Why is this so dangerous to kids? Antipsychotics can cause enormous weight gain. On average, a 110 pound 12-year-old will gain an amazing 12 pounds in just 12 weeks. We should certainly not be inadvertently adding to our already alarming epidemic of childhood obesity. And with obesity comes the complications of diabetes, heart disease, high blood pressure, and a shortened life expectancy. DSM 5 would embark us on futile and quixotic quest to help prevent psychosis -- and in the process will indirectly create an entirely new threat to the public heath.

It is striking that many (perhaps most) of the leading researchers on 'psychosis risk' have jumped ship and are now opposed to its being included in DSM 5. They worry that the proposal is half-baked, premature and likely to do much more harm than good. This should have been the necessary wake up call for DSM 5 -- if 'psychosis risk' can not even find approval among the experts most committed to it, certainly it is premature to consider its inclusion and unleashing in DSM 5.

And the opposition keeps mounting. Recently two of the most prominent supporters of 'psychosis risk' have gone out of their way to publicly reject it as a DSM 5 entity. Professor Patrick McGorry is the most powerful psychiatrist in the world, a prominent public figure as the 2010 Australian of the Year, a leading researcher on 'psychosis risk,' and the charismatic pied piper of preventive psychiatry. He was originally a strong supporter of 'psychosis risk' but now admits that it encourages over-medication and that its inclusion in DSM 5 could worsen the problem. "I think it's a valid point to be concerned about the harms particularly in places like America... probably I have given a bit more weight to that argument now." Professor McGorry also noted that 27 percent of youngsters seen in his program had to be taken off GP prescribed anti-psychotic drugs.

Dr. Alison Yung, another leading 'psychosis risk' researcher rendered her opinion about its inclusion in DSM 5 in a recent Lancet editorial:

The main concerns relate to the potential high number of false-positive diagnoses of patients who are not actually at risk of psychotic disorder.
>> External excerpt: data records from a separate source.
(* Let $A=(a_{ij})_{i,j\in\{1,\dots,\theta\}}$ be an indecomposable generalized Cartan matrix of indefinite type, $Q=\bigoplus_i\mathbb Z\alpha_i$ its root lattice, $Q_+=\sum_i\mathbb N_0\alpha_i$, and $W$ its Weyl group. Then for every $\gamma\in Q_+\setminus\{0\}$ the set $W\gamma\cap Q_+$ is infinite.
   Context: $W$ is the subgroup of $\mathrm{GL}(Q)$ generated by the simple reflections $s_i(\alpha_j)=\alpha_j-a_{ij}\alpha_i$. Types (finite, affine, indefinite) of indecomposable generalized Cartan matrices are in the sense of Kac. *)

From HB Require Import structures.
From mathcomp Require Import all_boot all_order all_algebra.
Set Implicit Arguments. Unset Strict Implicit. Unset Printing Implicit Defensive.
Import Order.TTheory GRing.Theory Num.Theory.
Local Open Scope ring_scope.

(* A theta x theta integer matrix A; elements of the root lattice
   Q = (+)_i Z alpha_i are integer column vectors (coordinates in the
   basis alpha_1..alpha_theta). *)

Definition is_GCM (n : nat) (A : 'M[int]_n) : Prop :=
  (forall i, A i i = 2) /\
  (forall i j, i != j -> A i j <= 0) /\
  (forall i j, A i j = 0 <-> A j i = 0).

Definition indecomposable (n : nat) (A : 'M[int]_n) : Prop :=
  forall I : {set 'I_n},
    (forall i j, i \in I -> j \notin I -> A i j = 0) ->
    I = set0 \/ I = setT.

(* Kac, Thm 4.3 (Ind): there is u > 0 with Au < 0, and
   Av >= 0, v >= 0 imply v = 0.  Vectors taken rational. *)
Definition indefinite_type (n : nat) (A : 'M[int]_n) : Prop :=
  let Aq := map_mx (fun z : int => z%:~R : rat) A in
  (exists u : 'cV[rat]_n,
      (forall i, 0 < u i 0) /\ (forall i, (Aq *m u) i 0 < 0)) /\
  (forall v : 'cV[rat]_n,
      (forall i, 0 <= v i 0) -> (forall i, 0 <= (Aq *m v) i 0) -> v = 0).

(* simple reflection s_i(beta) = beta - (sum_j a_ij beta_j) alpha_i,
   so that s_i(alpha_j) = alpha_j - a_ij alpha_i *)
Definition sref (n : nat) (A : 'M[int]_n) (i : 'I_n) (b : 'cV[int]_n)
  : 'cV[int]_n :=
  \col_k (b k 0 - (k == i)%:R * (A *m b) i 0).

Definition word_act (n : nat) (A : 'M[int]_n) (w : seq 'I_n) (b : 'cV[int]_n)
  : 'cV[int]_n :=
  foldr (sref A) b w.

(* beta in W gamma; W is generated by the involutions s_i, so its
   elements are exactly the finite products of simple reflections *)
Definition in_W_orbit (n : nat) (A : 'M[int]_n) (gamma beta : 'cV[int]_n)
  : Prop :=
  exists w : seq 'I_n, beta = word_act A w gamma.

Definition in_Qplus (n : nat) (b : 'cV[int]_n) : Prop :=
  forall i, 0 <= b i 0.

From HB Require Import structures.
From mathcomp Require Import all_boot all_order all_algebra.
Import Order.TTheory GRing.Theory Num.Theory.
Set Implicit Arguments.
Unset Strict Implicit.
Unset Printing Implicit Defensive.
Local Open Scope ring_scope.

(* Let ht be the height (sum of coordinates).  If beta is a nonzero element
   of Q_+, indefinite type forbids A beta >= 0, so (A beta)_i < 0 for some i;
   then s_i beta = beta - (A beta)_i alpha_i is again in Q_+ and has larger
   height.  Iterating from gamma gives elements of W gamma ∩ Q_+ of unbounded
   height, which no finite list can contain. *)

Definition ht (n : nat) (b : 'cV[int]_n) : int := \sum_k b k 0.

Lemma ht0 n : ht (0 : 'cV[int]_n) = 0.
Proof. by rewrite /ht big1 // => k _; rewrite mxE. Qed.

Lemma ht_ge0 n (b : 'cV[int]_n) : in_Qplus b -> 0 <= ht b.
Proof. by move=> b_ge0; apply: sumr_ge0 => k _; apply: b_ge0. Qed.

Lemma ht_sref n (A : 'M[int]_n) i b : ht (sref A i b) = ht b - (A *m b) i 0.
Proof.
rewrite /ht (eq_bigr (fun k => b k 0 - (k == i)%:R * (A *m b) i 0)).
  rewrite sumrB; congr (_ - _).
  by rewrite (bigD1 i) //= eqxx mul1r big1 ?addr0 // => k /negbTE->; rewrite mul0r.
by move=> k _; rewrite mxE.
Qed.

Lemma ht_sref_gt n (A : 'M[int]_n) i b :
  (A *m b) i 0 < 0 -> ht b < ht (sref A i b).
Proof. by rewrite ht_sref ltrDl oppr_gt0. Qed.

Lemma sref_Qplus n (A : 'M[int]_n) i b :
  in_Qplus b -> (A *m b) i 0 <= 0 -> in_Qplus (sref A i b).
Proof.
move=> b_ge0 Abi_le0 k; rewrite mxE; have := b_ge0 k.
case: (k == i); rewrite ?mul1r ?mul0r ?subr0 // => _.
by rewrite subr_ge0 (le_trans Abi_le0).
Qed.

Lemma indefinite_Qplus_neg_entry n (A : 'M[int]_n) b :
  indefinite_type A -> in_Qplus b -> b != 0 -> exists i, (A *m b) i 0 < 0.
Proof.
move=> [_ nonneg_eq0] b_ge0 b_neq0.
have [/existsP[i Abi_lt0] | /existsPn Ab_ge0] :=
  boolP [exists i, (A *m b) i 0 < 0]; first by exists i.
have bq_eq0 : map_mx intr b = 0 :> 'cV[rat]_n.
  apply: nonneg_eq0 => k; first by rewrite mxE ler0z.
  by rewrite -map_mxM mxE ler0z leNgt Ab_ge0.
case/eqP: b_neq0; apply/matrixP => i j; rewrite (ord1 j) mxE.
by move/matrixP/(_ i 0)/eqP: bq_eq0; rewrite !mxE intr_eq0 => /eqP.
Qed.

Lemma Qplus_orbit_ht_unbounded n (A : 'M[int]_n) gamma :
    indefinite_type A -> in_Qplus gamma -> gamma != 0 ->
  forall N : nat, exists w : seq 'I_n,
    [/\ in_Qplus (word_act A w gamma), word_act A w gamma != 0
      & N%:Z <= ht (word_act A w gamma)].
Proof.
move=> indefA gamma_ge0 gamma_neq0.
elim=> [|N [w [beta_ge0 beta_neq0 N_le_ht]]].
  by exists [::]; split; rewrite ?ht_ge0.
have [i Abi_lt0] := indefinite_Qplus_neg_entry indefA beta_ge0 beta_neq0.
have ht_lt := ht_sref_gt Abi_lt0.
exists (i :: w); split=> /=.
- exact: sref_Qplus (ltW Abi_lt0).
- by apply: contraTneq ht_lt => ->; rewrite ht0 -leNgt ht_ge0.
- by rewrite -addn1 PoszD lezD1 (le_lt_trans N_le_ht).
Qed.

Lemma mem_ht_le_sum n (s : seq 'cV[int]_n) x :
  x \in s -> ht x <= (\sum_(y <- s) absz (ht y))%N%:Z.
Proof.
move=> x_in_s; rewrite (le_trans (ler_norm _)) // -abszE lez_nat.
by rewrite (big_rem _ x_in_s) leq_addr.
Qed.

Theorem lemma3p5 (n : nat) (A : 'M[int]_n) :
  is_GCM A -> indecomposable A -> indefinite_type A ->
  forall gamma : 'cV[int]_n, in_Qplus gamma -> gamma != 0 ->
  forall s : seq 'cV[int]_n,
    exists beta : 'cV[int]_n,
      [/\ in_W_orbit A gamma beta, in_Qplus beta & beta \notin s].
Proof.
move=> _ _ indefA gamma gamma_ge0 gamma_neq0 s.
have [w [beta_ge0 _ ht_large]] := Qplus_orbit_ht_unbounded indefA gamma_ge0
  gamma_neq0 (\sum_(y <- s) absz (ht y)).+1.
exists (word_act A w gamma); split => //; first by exists w.
apply: contraTN ht_large => /mem_ht_le_sum ht_small.
by rewrite -ltNge (le_lt_trans ht_small) // ltz_nat.
Qed.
Additionally, people meeting the criteria might be incorrectly thought of as being in the range of schizophrenic disorders. Most clinicians and general practitioners surveyed incorrectly regarded attenuated psychosis syndrome as a mental disorder related to psychosis and schizophrenia. Possible unintended negative consequences of such a diagnosis include stigma, discrimination, and unnecessary treatment. Some high-risk patients are given antipsychotics (which can have effects on the brain), even though these drugs are not recommended in treatment guidelines.

Diagnostic creep might occur, which could result in lowering of the high-risk threshold and a subsequent reduction in risk of transition to a full-blown psychotic disorder. Paradoxically, the introduction of a high-risk classification could reduce research in psychotic disorders because it might give a false degree of comfort with the DSM definition... On balance, since the high-risk group is heterogeneous in presentation, clinical needs, and outcome, we believe that inclusion of attenuated psychosis syndrome as a new DSM diagnosis would be premature... Moreover, the resources available to fund mental health care would be spread more thinly.

How could such a fatally flawed proposal still be in play as a serious contender for inclusion in DSM 5? It remains a great mystery why DSM 5 has been unable to off-load its worst suggestions despite their obvious risks and in the face of vigorous and almost unanimous opposition of experts in the field, mental health professionals, the press, and the public.

DSM 5 is stubbornly digging in its heals in a futile battle with its users and the public -- a battle it cannot possibly, and should not, win.

Allen Frances is a professor emeritus at Duke University and was the chairman of the DSM-IV task force.